Let's take a look what this file contains. <br />
You can *print* the dicom file to get a bulk of information, containing e.g the company which built the scanner (SIEMENS in this case), the shape of the image (*Rows, Columns*, 512x512 in this case), table height all information about the patient (of course the personal information is anonymized here), and of large importance, the **image orientation**

Feel free to scroll through the available information

In [None]:
print(dicom_file)

Accessing DICOM **header** information:
You can access the dicom tags by using the hexadecimal encoded identifiers at the start of each line.
As an example, if you want to get the shape of the image you can use those two identifiers

* (0028, 0010) Rows
* (0028, 0011) Columns
* (0018, 0015) Body Part Examined

The 0x in front of the identifier tells the python interpreter that it should interpret this value as hexadecimal

In [None]:
print(dicom_file[0x0028, 0x0010])
print(dicom_file[0x0028, 0x0011])
print(dicom_file[0x0018, 0x0015])

There is an alternative, more direct way to access the values of the DICOM header tags using the tag descriptions
    <br /> Please note the lettering: 'Body Part Examined' becomes 'BodyPartExamined' (so-called Pascal Case):

In [None]:
print('Rows: ', dicom_file.Rows)
print('Columns: ', dicom_file.Columns)
print('Body Part Examined: ', dicom_file.BodyPartExamined)

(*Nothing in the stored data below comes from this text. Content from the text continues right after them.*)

(* Nonrectilinear: the angular momentum det(x, x') is not identically zero. *)
Definition nonrectilinear (x1 x2 v1 v2 : R -> R) : Prop :=
  exists t : R, t <= 0 /\ x1 t * v2 t - x2 t * v1 t <> 0.

(* Write q = |x|^2 ([sqdist]), g = x.v = r r' ([radial]), w = |v|^2 ([speed2]),
   E = w/2 - 1/r ([energy]) and c = det(x, v) ([angmom]).  Along a solution E' = -D w <= 0,
   g' = w - D g - 1/r >= 2 E(0) - D g and c' = -D c.  When r'(0) = V is large, so is
   E(0) >= V^2/2 - 1/r(0); going backwards in time, g therefore decreases at rate about 2 E(0)
   and vanishes at a time tf = O(1/V), where r has its minimum.  Before tf,
   g <= 2 E(0) (t - tf), so q grows quadratically and is back to q(0) at a time tau = O(1/V).
   There w(tau) >= w(0) because E(tau) >= E(0), while c^2 has grown by at most the factor
   e^(2M|tau|) = 1 + O(1/V); Lagrange's identity c^2 + g^2 = q w then gives
   g(tau)^2 >= g(0)^2 - O(g(0)), i.e. r'(tau) <= -V + O(1).
   The solutions are only given on ]-oo,0]; they are extended linearly beyond 0 so that the
   two-sided calculus of Coquelicot (mean value theorem, derivative rules) applies. *)

From Stdlib Require Import Reals Lra Classical ClassicalEpsilon.
From Coquelicot Require Import Coquelicot.
Open Scope R_scope.

Lemma ldrv_ball f t l : ldrv f t l -> forall eps : posreal, exists delta : posreal,
  forall h, Rabs h < delta -> h <> 0 -> t + h <= 0 -> Rabs ((f (t + h) - f t) / h - l) < eps.
Proof.
  intros Hf eps. destruct (Hf _ (locally_ball l eps)) as [delta Hd].
  exists delta. intros h Hh Hh0 Hth. apply (Hd h); [|split; assumption].
  change (Rabs (h - 0) < delta). now rewrite Rminus_0_r.
Qed.

Lemma ldrv_of_is_derive f t l : is_derive f t l -> ldrv f t l.
Proof.
  intros Hf P [eps HP]. apply is_derive_Reals in Hf.
  destruct (Hf eps (cond_pos eps)) as [delta Hd]. exists delta.
  intros h Hh [Hh0 _]. apply HP, Hd; [exact Hh0|].
  change (Rabs (h - 0) < delta) in Hh. now rewrite Rminus_0_r in Hh.
Qed.

Lemma ldrv_ext f g t l : t <= 0 -> (forall s, s <= 0 -> f s = g s) -> ldrv f t l -> ldrv g t l.
Proof.
  intros Ht Hfg. apply filterlim_ext_loc.
  exists (mkposreal 1 Rlt_0_1). intros h _ [_ Hth]. now rewrite !Hfg by lra.
Qed.

Lemma left_punctured_proper t : t <= 0 ->
  ProperFilter' (within (fun h => h <> 0 /\ t + h <= 0) (locally 0)).
Proof.
  intros Ht. split; [|apply within_filter, locally_filter].
  intros [delta Hd]. pose proof (cond_pos delta). apply (Hd (- delta / 2)).
  - change (Rabs (- delta / 2 - 0) < delta). rewrite Rminus_0_r, Rabs_left; lra.
  - split; lra.
Qed.

Lemma ldrv_unique f t l1 l2 : t <= 0 -> ldrv f t l1 -> ldrv f t l2 -> l1 = l2.
Proof.
  intros Ht.
  apply (@filterlim_locally_unique _ R_AbsRing R_NormedModule _ (left_punctured_proper t Ht)).
Qed.

Definition extend (f : R -> R) (l s : R) : R :=
  if Rle_dec s 0 then f s else f 0 + l * s.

Accessing DICOM **body** information (the actual image):

The **pixel_array** contains the actual image data:

In [None]:
ct = dicom_file.pixel_array # load the image pixel data as a numpy array
plt.figure()
plt.imshow(ct, cmap="gray")

We can perform a quick sanity check and make sure that the image shape corresponds to the Rows and Columns we saw earlier in the header information (512x512)

In [None]:
print(ct.shape)

## 3D Data
In this section we will take a look at a full head MRI scan, so that you learn how to handle 3D Data stored as multiple 2D DICOM files.

The data is taken from here (https://zenodo.org/record/16956#.YFMM5PtKiV5) (3) and again provided in this directory
<br />
You can download it directly from the link by clicking the download button next to the preview button.<br />
Again we unzip the directory after obtaining it.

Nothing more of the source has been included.